* _Work request_
What you return should be the lines from the first line of the records below through the line holding "v3 R) : bool", unchanged.

━━━ Materials provided ━━━

Definition pos_roots (R : realFieldType) : seq (v3 R) :=
  [:: mkv 1 (-1) 0; mkv (-1) 0 1; mkv 0 (-1) 1;
      mkv (-2) 1 1; mkv (-1) (-1) 2; mkv 1 (-2) 1].
Definition g2roots (R : realFieldType) : seq (v3 R) :=
  pos_roots R ++ map vopp (pos_roots R).

Definition pos_compact_roots (R : realFieldType) : seq (v3 R) :=
  [:: mkv 1 (-1) 0; mkv (-1) (-1) 2].
Definition compact_roots (R : realFieldType) : seq (v3 R) :=
  pos_compact_roots R ++ map vopp (pos_compact_roots R).

Definition kdom {R : realFieldType} (H : v3 R) : bool :=
  all (fun a => 0 <= ip a H) (pos_compact_roots R).

Definition l_roots {R : realFieldType} (H : v3 R) : seq (v3 R) :=
  [seq a <- g2roots R | ip a H == 0].
Definition u_roots {R : realFieldType} (H : v3 R) : seq (v3 R) :=
  [seq a <- g2roots R | 0 < ip a H].
(* q is determined by (and identified with) its set of roots, listed in the
   fixed order of [g2roots R]; two H give the same q iff q_roots agree *)
Definition q_roots {R : realFieldType} (H : v3 R) : seq (v3 R) :=
  [seq a <- g2roots R | 0 <= ip a H].

(* l_0 has no compact factors: there is no nonzero ideal of [l,l]
   (= a nonempty union S of irreducible components of the root system of l,
   i.e. S orthogonal to the remaining roots of l) consisting of compact roots.
   (For the equal-rank real form with compact Cartan t_0, a simple ideal of l_0
   is compact iff all its roots are compact.) *)
Definition noCompactFactors {R : realFieldType} (H : v3 R) : Prop :=
  ~ (exists S : seq (v3 R),
       [/\ S != [::],
           {subset S <= l_roots H},
           {subset S <= compact_roots R} &
           forall a b, a \in S -> b \in l_roots H -> b \notin S -> ip a b = 0]).

Definition refl {R : realFieldType} (a mu : v3 R) : v3 R :=
  vsub mu (vscale (2 * ip mu a / ip a a) a).

Definition rho1 (R : realFieldType) : v3 R := mkv (-1) (-2) 3.
Definition rho2 (R : realFieldType) : v3 R := mkv 1 (-3) 2.
Definition rho3 (R : realFieldType) : v3 R := mkv 2 (-3) 1.

Inductive in_Wrho (R : realFieldType) : v3 R -> Prop :=
| Wrho_base : in_Wrho (rho1 R)
| Wrho_step : forall a mu, a \in g2roots R -> in_Wrho mu -> in_Wrho (refl a mu).

Definition face {R : realFieldType} (H mu : v3 R) : Prop :=
  in_Wrho mu /\ (forall nu, in_Wrho nu -> ip nu H <= ip mu H).

Definition dirac {R : realFieldType} (H mu : v3 R) : Prop := face H mu /\ kdom mu.

Definition Hq1 (R : realFieldType) : v3 R := mkv 1 (-2) 1.
Definition Hq2 (R : realFieldType) : v3 R := mkv 0 (-1) 1.
Definition H0 (R : realFieldType) : v3 R := mkv 0 0 0.

Definition Hlist (R : realFieldType) : seq (v3 R) :=
  [:: rho1 R; rho2 R; rho3 R; H0 R; Hq1 R; Hq2 R].

(* All the data (roots, rho, the six H) have integer coordinates, so every
   notion of the statement is transferred to integer triples, where it is
   decided by computation.  The orbit W rho has twelve elements, listed by
   reflection words and shown closed under the twelve root reflections, so
   faces are maxima over a finite list.  For the classification, q only
   depends on the signs of the roots on H.  Inside C_k, the walls H1 = H2
   (H <> 0) and H1 + H2 = 0 (H1 <> H2) give l = t + (one compact root pair),
   a compact factor; off them, the signs of H1 and of H2 + 2 H1 sort H into
   the six listed cases. *)
From HB Require Import structures.
From mathcomp Require Import all_boot all_order all_algebra lra.
Import Order.TTheory GRing.Theory Num.Theory.
Local Open Scope ring_scope.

━━━

* _Result of this task_
Definition pos_roots (R : realFieldType) : seq (v3 R) :=
  [:: mkv 1 (-1) 0; mkv (-1) 0 1; mkv 0 (-1) 1;
      mkv (-2) 1 1; mkv (-1) (-1) 2; mkv 1 (-2) 1].
Definition g2roots (R : realFieldType) : seq (v3 R) :=
  pos_roots R ++ map vopp (pos_roots R).

Definition pos_compact_roots (R : realFieldType) : seq (v3 R) :=
  [:: mkv 1 (-1) 0; mkv (-1) (-1) 2].
Definition compact_roots (R : realFieldType) : seq (v3 R) :=
  pos_compact_roots R ++ map vopp (pos_compact_roots R).

Definition kdom {R : realFieldType} (H : v3 R) : bool :=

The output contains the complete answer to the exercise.